_GOAL OF THE EXERCISE_.
In the data below, one line contains "Definition is_yRP (kappa" and a later one contains "From mathcomp Require Import ring lra.". Print both, with every line between them, exactly and alone.

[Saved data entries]

(* Let $\hat\xi_1,\dots,\hat\xi_T\in\mathbb{R}^n$, $\kappa>0$, and let $\mathcal{U}\subseteq\mathcal{P}$ be nonempty, closed and convex, with $\hat\Sigma(p)$ positive definite for every $p\in\mathcal{U}$. For $p\in\mathcal{U}$ let $y^{\mathrm{RP}}(p)$ be the unique minimizer of $y\mapsto f_{\mathrm{RP}}(y,p)$ over $\mathbb{R}^n_{++}$ and set $\phi(p)=f_{\mathrm{RP}}(y^{\mathrm{RP}}(p),p)$. Let $(y^*,p^* )\in\mathbb{R}^n_{++}\times\mathcal{U}$ be a saddle point of $f_{\mathrm{RP}}$ on $\mathbb{R}^n_{++}\times\mathcal{U}$. Fix $\gamma>0$ and $p^0\in\mathcal{U}$, and define for $j\ge0$ $$y^j=y^{\mathrm{RP}}(p^j),\qquad p^{j+1}=\Pi_{\mathcal{U}}\big(p^j+\gamma\,\nabla_p f_{\mathrm{RP}}(y^j,p^j)\big),$$ where $\nabla_p f_{\mathrm{RP}}(y,p)=\tfrac12\hat\pi^2(y)-\hat\Theta(y)p$ and $\Pi_{\mathcal{U}}$ is the Euclidean projection onto $\mathcal{U}$. Suppose $L\ge0$ satisfies $\|\nabla_p f_{\mathrm{RP}}(y^j,p^j)\|_2\le L$ for all $j\ge0$. Then for every $k\ge1$, $$0\le \phi(p^* )-\frac1k\sum_{j=0}^{k-1}\phi(p^j)\le\frac{\|p^0-p^*\|_2^2}{2k\gamma}+\frac{\gamma L^2}{2}.$$
   Context: $\mathcal{P}=\{p\in\mathbb{R}^T:p\ge0,\mathbf{1}^\top p=1\}$; $\mathbb{R}^n_{++}$ is the open positive orthant. $\hat\mu(p)=\sum_t p_t\hat\xi_t$, $\hat\Sigma(p)=\sum_t p_t(\hat\xi_t-\hat\mu(p))(\hat\xi_t-\hat\mu(p))^\top$. $\hat\pi(y)\in\mathbb{R}^T$ has entries $\hat\xi_t^\top y$, $\hat\pi^2(y)$ its entrywise square, $\hat\Theta(y)=\hat\pi(y)\hat\pi(y)^\top$, and $f_{\mathrm{RP}}(y,p)=\tfrac12\big(p^\top\hat\pi^2(y)-p^\top\hat\Theta(y)p\big)-\kappa\sum_{i=1}^n\ln y_i$. A saddle point $(y^*,p^* )$ means $f_{\mathrm{RP}}(y^*,p)\le f_{\mathrm{RP}}(y^*,p^* )\le f_{\mathrm{RP}}(y,p^* )$ for all $y\in\mathbb{R}^n_{++}$, $p\in\mathcal{U}$. (The paper phrases the bound on the gradient as a Lipschitz constant $L$ of $\nabla_p f_{\mathrm{RP}}$, used as a bound on the gradient norm along the iterates.) *)

From HB Require Import structures.
From mathcomp Require Import all_boot all_order all_algebra.
From mathcomp Require Import all_classical all_reals all_analysis.
Set Implicit Arguments. Unset Strict Implicit. Unset Printing Implicit Defensive.
Import Order.TTheory GRing.Theory Num.Theory.
Import numFieldNormedType.Exports.
Local Open Scope ring_scope.
Local Open Scope classical_set_scope.

Section RP.
Variables (R : realType) (n T : nat).

Definition simplex (p : 'rV[R]_T) : Prop :=
  (forall t, 0 <= p ord0 t) /\ \sum_(t < T) p ord0 t = 1.

Definition posorth (y : 'rV[R]_n) : Prop := forall i, 0 < y ord0 i.

Definition sqnorm (m : nat) (v : 'rV[R]_m) : R := \sum_(i < m) v ord0 i ^+ 2.

Definition posdef (M : 'M[R]_n) : Prop :=
  forall v : 'rV[R]_n, v != 0 -> 0 < (v *m M *m v^T) ord0 ord0.

Variable xi : 'I_T -> 'rV[R]_n.

Definition muhat (p : 'rV[R]_T) : 'rV[R]_n := \sum_(t < T) p ord0 t *: xi t.

Definition Sigmahat (p : 'rV[R]_T) : 'M[R]_n :=
  \sum_(t < T) p ord0 t *: ((xi t - muhat p)^T *m (xi t - muhat p)).

Definition pihat (y : 'rV[R]_n) : 'rV[R]_T :=
  \row_(t < T) \sum_(i < n) xi t ord0 i * y ord0 i.

Definition pihat2 (y : 'rV[R]_n) : 'rV[R]_T :=
  \row_(t < T) (pihat y ord0 t) ^+ 2.

Definition Thetahat (y : 'rV[R]_n) : 'M[R]_T := (pihat y)^T *m pihat y.

Definition fRP (kappa : R) (y : 'rV[R]_n) (p : 'rV[R]_T) : R :=
  2^-1 * ((p *m (pihat2 y)^T) ord0 ord0 - (p *m Thetahat y *m p^T) ord0 ord0)
  - kappa * \sum_(i < n) ln (y ord0 i).

(* grad_p fRP(y,p) = 1/2 pihat^2(y) - Theta(y) p  (as a row vector; Theta symmetric) *)
Definition gradp (y : 'rV[R]_n) (p : 'rV[R]_T) : 'rV[R]_T :=
  2^-1 *: pihat2 y - (Thetahat y *m p^T)^T.

Definition is_proj (U : set 'rV[R]_T) (x z : 'rV[R]_T) : Prop :=
  U z /\ forall q, U q -> sqnorm (z - x) <= sqnorm (q - x).

Definition is_yRP (kappa : R) (p : 'rV[R]_T) (y : 'rV[R]_n) : Prop :=
  posorth y /\ forall y', posorth y' -> fRP kappa y p <= fRP kappa y' p.

Definition saddle (kappa : R) (U : set 'rV[R]_T) (ys : 'rV[R]_n) (ps : 'rV[R]_T) : Prop :=
  posorth ys /\ U ps /\
  (forall p, U p -> fRP kappa ys p <= fRP kappa ys ps) /\
  (forall y, posorth y -> fRP kappa ys ps <= fRP kappa y ps).

End RP.

From HB Require Import structures.
From mathcomp Require Import all_boot all_order all_algebra.
From mathcomp Require Import all_classical all_reals all_analysis.
From mathcomp Require Import ring lra.
Set Implicit Arguments. Unset Strict Implicit. Unset Printing Implicit Defensive.
Import Order.TTheory GRing.Theory Num.Theory.
Import numFieldNormedType.Exports.
Local Open Scope ring_scope.
Local Open Scope classical_set_scope.

(** The standard analysis of projected supergradient ascent on the
    concave dual function [phi].  For fixed [y], [p |-> fRP y p] is a concave
    quadratic, so [gradp (y^j) (p^j)] is a supergradient at [p^j] of
    [fRP (y^j) .], which lies above [phi] and touches it at [p^j].  Projection
    onto a convex set is non-expansive towards points of the set, hence
    [|p^(j+1) - p*|^2 <= |p^j - p*|^2 - 2 gamma (phi p* - phi p^j) + gamma^2 L^2];
    summing over [j < k] telescopes to the upper bound.  The lower bound holds
    because the saddle point makes [p*] a maximiser of [phi] over [U]. *)

Section Dot.
Variable R : realType.

Definition dot (m : nat) (u v : 'rV[R]_m) : R := \sum_(i < m) u ord0 i * v ord0 i.

Lemma dotC m (u v : 'rV[R]_m) : dot u v = dot v u.
Proof. by apply: eq_bigr => i _; rewrite mulrC. Qed.

Lemma dotDl m (u v w : 'rV[R]_m) : dot (u + v) w = dot u w + dot v w.
Proof. by rewrite /dot -big_split; apply: eq_bigr => i _; rewrite mxE mulrDl. Qed.

Lemma dotNl m (u w : 'rV[R]_m) : dot (- u) w = - dot u w.
Proof. by rewrite /dot -sumrN; apply: eq_bigr => i _; rewrite mxE mulNr. Qed.

Lemma dotZl m a (u w : 'rV[R]_m) : dot (a *: u) w = a * dot u w.
Proof. by rewrite /dot mulr_sumr; apply: eq_bigr => i _; rewrite mxE mulrA. Qed.

Lemma dotBl m (u v w : 'rV[R]_m) : dot (u - v) w = dot u w - dot v w.
Proof. by rewrite dotDl dotNl. Qed.

Lemma dotDr m (u v w : 'rV[R]_m) : dot w (u + v) = dot w u + dot w v.
Proof. by rewrite dotC dotDl !(dotC w). Qed.

Lemma dotBr m (u v w : 'rV[R]_m) : dot w (u - v) = dot w u - dot w v.
Proof. by rewrite dotC dotBl !(dotC w). Qed.

Lemma dotZr m a (u w : 'rV[R]_m) : dot w (a *: u) = a * dot w u.
Proof. by rewrite dotC dotZl dotC. Qed.

Lemma sqnormE m (u : 'rV[R]_m) : sqnorm u = dot u u.
Proof. by apply: eq_bigr => i _; rewrite expr2. Qed.

Lemma sqnorm_ge0 m (u : 'rV[R]_m) : 0 <= sqnorm u.
Proof. by apply: sumr_ge0 => i _; rewrite sqr_ge0. Qed.

Lemma sqnormD m (u v : 'rV[R]_m) :
  sqnorm (u + v) = sqnorm u + 2 * dot u v + sqnorm v.
Proof. by rewrite !sqnormE !dotDl !dotDr (dotC v u); ring. Qed.

Lemma sqnormN m (u : 'rV[R]_m) : sqnorm (- u) = sqnorm u.
Proof. by rewrite !sqnormE dotNl dotC dotNl opprK. Qed.

Lemma sqnormZ m a (u : 'rV[R]_m) : sqnorm (a *: u) = a ^+ 2 * sqnorm u.
Proof. by rewrite !sqnormE dotZl dotZr mulrA -expr2. Qed.

Lemma sqnorm_le_sqr m (u : 'rV[R]_m) L :
  Num.sqrt (sqnorm u) <= L -> sqnorm u <= L ^+ 2.
Proof.
move=> le_uL; rewrite -(sqr_sqrtr (sqnorm_ge0 u)).
by rewrite lerXn2r ?nnegrE ?sqrtr_ge0 // (le_trans (sqrtr_ge0 _) le_uL).
Qed.

Lemma mulmx_tr_dot m (u v : 'rV[R]_m) : (u *m v^T) ord0 ord0 = dot u v.
Proof. by rewrite mxE; apply: eq_bigr => i _; rewrite mxE. Qed.

End Dot.

Section RiskParityObjective.
Variables (R : realType) (n T : nat) (xi : 'I_T -> 'rV[R]_n).

Lemma fRPE kappa y p : fRP xi kappa y p =
  2^-1 * (dot p (pihat2 xi y) - dot (pihat xi y) p ^+ 2)
  - kappa * \sum_(i < n) ln (y ord0 i).
Proof.
rewrite /fRP mulmx_tr_dot /Thetahat; congr (_ * (_ - _) - _).
rewrite mulmxA -(mulmxA (p *m _)).
by rewrite mxE big_ord1 !mulmx_tr_dot expr2 dotC.
Qed.

Lemma dot_gradp y p w : dot (gradp xi y p) w =
  2^-1 * dot (pihat2 xi y) w - dot (pihat xi y) p * dot (pihat xi y) w.
Proof.
rewrite /gradp dotBl dotZl; congr (_ - _).
rewrite -mulmx_tr_dot /Thetahat trmx_mul trmxK trmx_mul trmxK mulmxA.
by rewrite -(mulmxA (p *m _)) mxE big_ord1 !mulmx_tr_dot dotC.
Qed.

Lemma fRP_supergradient kappa y p q :
  fRP xi kappa y q <= fRP xi kappa y p + dot (gradp xi y p) (q - p).
Proof.
rewrite !fRPE dot_gradp !dotBr (dotC (pihat2 xi y) q) (dotC (pihat2 xi y) p).
set a := dot (pihat xi y) q; set b := dot (pihat xi y) p.
have : 0 <= (a - b) ^+ 2 by rewrite sqr_ge0.
nra.
Qed.

End RiskParityObjective.

Section Projection.
Variables (R : realType) (T : nat) (U : set 'rV[R]_T).
Hypothesis convexU : convex_set U.

Lemma ge0_of_ge0_perturbation (d s : R) : 0 <= s ->
  (forall t, 0 < t -> t <= 1 -> 0 <= 2 * d + t * s) -> 0 <= d.
Proof.
move=> s_ge0 pert; rewrite leNgt; apply/negP => d_lt0.
have sd_gt0 : 0 < s - d by lra.
pose t := - d / (s - d).
have t_gt0 : 0 < t by apply: divr_gt0; lra.
have t_le1 : t <= 1 by rewrite ler_pdivrMr // mul1r; lra.
have ts : t * (s - d) = - d by rewrite divfK // gt_eqF.
have := pert t t_gt0 t_le1; nra.
Qed.

Lemma proj_obtuse x z q : is_proj U x z -> U q -> 0 <= dot (z - x) (q - z).
Proof.
move=> [Uz zmin] Uq; apply: (@ge0_of_ge0_perturbation _ (sqnorm (q - z))).
  exact: sqnorm_ge0.
move=> t t_gt0 t_le1.
have Uzt : U (z + t *: (q - z)).
  have := convexU (Itv01 (ltW t_gt0) t_le1) (mem_set Uq) (mem_set Uz).
  by rewrite inE /conv /= scalerBr scalerBl scale1r addrCA.
have := zmin _ Uzt; rewrite [z + _ - x]addrAC (sqnormD (z - x)) sqnormZ dotZr => zt_far.
by rewrite -(pmulr_rge0 _ t_gt0); nra.
Qed.

Lemma proj_nonexpansive x z q :
  is_proj U x z -> U q -> sqnorm (z - q) <= sqnorm (x - q).
Proof.
move=> projz Uq; have := proj_obtuse projz Uq.
have -> : x - q = - ((z - x) + (q - z)) by rewrite opprD !opprB addrA subrK.
rewrite -[z - q]opprB !sqnormN sqnormD.
by have := sqnorm_ge0 (z - x); lra.
Qed.

Lemma proj_ascent_step x g gamma z q :
  is_proj U (x + gamma *: g) z -> U q ->
  sqnorm (z - q) <= sqnorm (x - q) + 2 * gamma * dot g (x - q) + gamma ^+ 2 * sqnorm g.
Proof.
move=> projz Uq; apply: (le_trans (proj_nonexpansive projz Uq)).
by rewrite addrAC sqnormD sqnormZ dotZr dotC mulrA.
Qed.

End Projection.

Lemma telescope_bound (R : realType) (a d : nat -> R) c :
  (forall j, a j + d j.+1 <= d j + c) ->
  forall k, \sum_(j < k) a j + d k <= d 0%N + k%:R * c.
Proof.
move=> step; elim=> [|k IH]; first by rewrite big_ord0 add0r mul0r addr0.
by rewrite big_ord_recr /= -natr1 mulrDl mul1r; have := step k; lra.
Qed.

Section SaddlePoint.
Variables (R : realType) (n T : nat) (xi : 'I_T -> 'rV[R]_n).
Variables (kappa : R) (U : set 'rV[R]_T) (yRP : 'rV[R]_T -> 'rV[R]_n).
Hypothesis yRP_min : forall p, U p -> is_yRP xi kappa p (yRP p).
Local Notation phi p := (fRP xi kappa (yRP p) p).

Lemma phi_le_fRP p y : U p -> posorth y -> phi p <= fRP xi kappa y p.
Proof. by move=> /yRP_min[_ ymin]; apply: ymin. Qed.

Lemma saddle_phi_max ystar pstar p : saddle xi kappa U ystar pstar -> U p ->
  phi p <= phi pstar.
Proof.
move=> [ystar_pos [Upstar [saddle_p saddle_y]]] Up.
have -> : phi pstar = fRP xi kappa ystar pstar.
  apply/le_anti; rewrite phi_le_fRP // saddle_y //.
  by have [] := yRP_min Upstar.
exact: le_trans (phi_le_fRP Up ystar_pos) (saddle_p _ Up).
Qed.

Lemma dual_ascent_step pstar p q gamma L :
  convex_set U -> U pstar -> U p -> 0 <= gamma ->
  is_proj U (p + gamma *: gradp xi (yRP p) p) q ->
  Num.sqrt (sqnorm (gradp xi (yRP p) p)) <= L ->
  2 * gamma * (phi pstar - phi p) + sqnorm (q - pstar)
    <= sqnorm (p - pstar) + gamma ^+ 2 * L ^+ 2.
Proof.
move=> convexU Upstar Up gamma_ge0 projq /sqnorm_le_sqr grad_le.
have phi_star_le := phi_le_fRP Upstar (proj1 (yRP_min Up)).
have superg := fRP_supergradient xi kappa (yRP p) p pstar.
have := proj_ascent_step convexU projq Upstar.
set g := gradp xi (yRP p) p in superg grad_le *.
rewrite -(opprB p) dotC dotNl dotC in superg.
have := sqr_ge0 gamma; nra.
Qed.

End SaddlePoint.

Theorem theorem4 (R : realType) (n T : nat) (xi : 'I_T -> 'rV[R]_n)
  (kappa : R) (U : set 'rV[R]_T)
  (yRP : 'rV[R]_T -> 'rV[R]_n)
  (ystar : 'rV[R]_n) (pstar : 'rV[R]_T)
  (gamma : R) (p0 : 'rV[R]_T) (L : R) (ps : nat -> 'rV[R]_T) :
  0 < kappa ->
  U !=set0 -> closed U -> convex_set U -> U `<=` @simplex R T ->
  (forall p, U p -> posdef (Sigmahat xi p)) ->
  (forall p, U p -> is_yRP xi kappa p (yRP p)) ->
  saddle xi kappa U ystar pstar ->
  0 < gamma -> U p0 ->
  ps 0%N = p0 ->
  (forall j : nat, is_proj U (ps j + gamma *: gradp xi (yRP (ps j)) (ps j)) (ps j.+1)) ->
  0 <= L ->
  (forall j : nat, Num.sqrt (sqnorm (gradp xi (yRP (ps j)) (ps j))) <= L) ->
  let phi := fun p => fRP xi kappa (yRP p) p in
  forall k : nat, (0 < k)%N ->
    0 <= phi pstar - k%:R^-1 * \sum_(j < k) phi (ps j) /\
    phi pstar - k%:R^-1 * \sum_(j < k) phi (ps j)
      <= sqnorm (p0 - pstar) / (2 * k%:R * gamma) + gamma * L ^+ 2 / 2.
Proof.
move=> _ _ _ convexU _ _ yRP_min saddle_star gamma_gt0 Up0 ps0 ps_proj _ grad_le.
move=> phi k k_gt0; have [_ [Upstar _]] := saddle_star.
have Ups j : U (ps j) by case: j => [|j]; [rewrite ps0 | case: (ps_proj j)].
have step j := dual_ascent_step yRP_min convexU Upstar (Ups j) (ltW gamma_gt0)
  (ps_proj j) (grad_le j).
have := telescope_bound step k; rewrite ps0 => sum_le.
have scale_gt0 : 0 < 2 * gamma * k%:R by rewrite !mulr_gt0 ?ltr0n.
have -> : phi pstar - k%:R^-1 * \sum_(j < k) phi (ps j) =
    (2 * gamma * k%:R)^-1 * \sum_(j < k) 2 * gamma * (phi pstar - phi (ps j)).
  rewrite -mulr_sumr [in RHS]sumrB [in RHS]sumr_const card_ord -mulr_natr.
  by field; rewrite ?gt_eqF ?ltr0n.
split.
  apply: mulr_ge0; first by rewrite invr_ge0 ltW.
  apply: sumr_ge0 => j _; apply: mulr_ge0; first by rewrite mulr_ge0 ?ltW.
  by rewrite subr_ge0; have := saddle_phi_max yRP_min saddle_star (Ups j).
rewrite ler_pdivrMl //.
have -> : 2 * gamma * k%:R * (sqnorm (p0 - pstar) / (2 * k%:R * gamma)
    + gamma * L ^+ 2 / 2) = sqnorm (p0 - pstar) + k%:R * (gamma ^+ 2 * L ^+ 2).
  by field; rewrite ?gt_eqF ?ltr0n.
by have := sqnorm_ge0 (ps k - pstar); lra.
Qed.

_ANSWER SPACE_.
Definition is_yRP (kappa : R) (p : 'rV[R]_T) (y : 'rV[R]_n) : Prop :=
  posorth y /\ forall y', posorth y' -> fRP kappa y p <= fRP kappa y' p.

Definition saddle (kappa : R) (U : set 'rV[R]_T) (ys : 'rV[R]_n) (ps : 'rV[R]_T) : Prop :=
  posorth ys /\ U ps /\
  (forall p, U p -> fRP kappa ys p <= fRP kappa ys ps) /\
  (forall y, posorth y -> fRP kappa ys ps <= fRP kappa y ps).

End RP.

From HB Require Import structures.
From mathcomp Require Import all_boot all_order all_algebra.
From mathcomp Require Import all_classical all_reals all_analysis.
From mathcomp Require Import ring lra.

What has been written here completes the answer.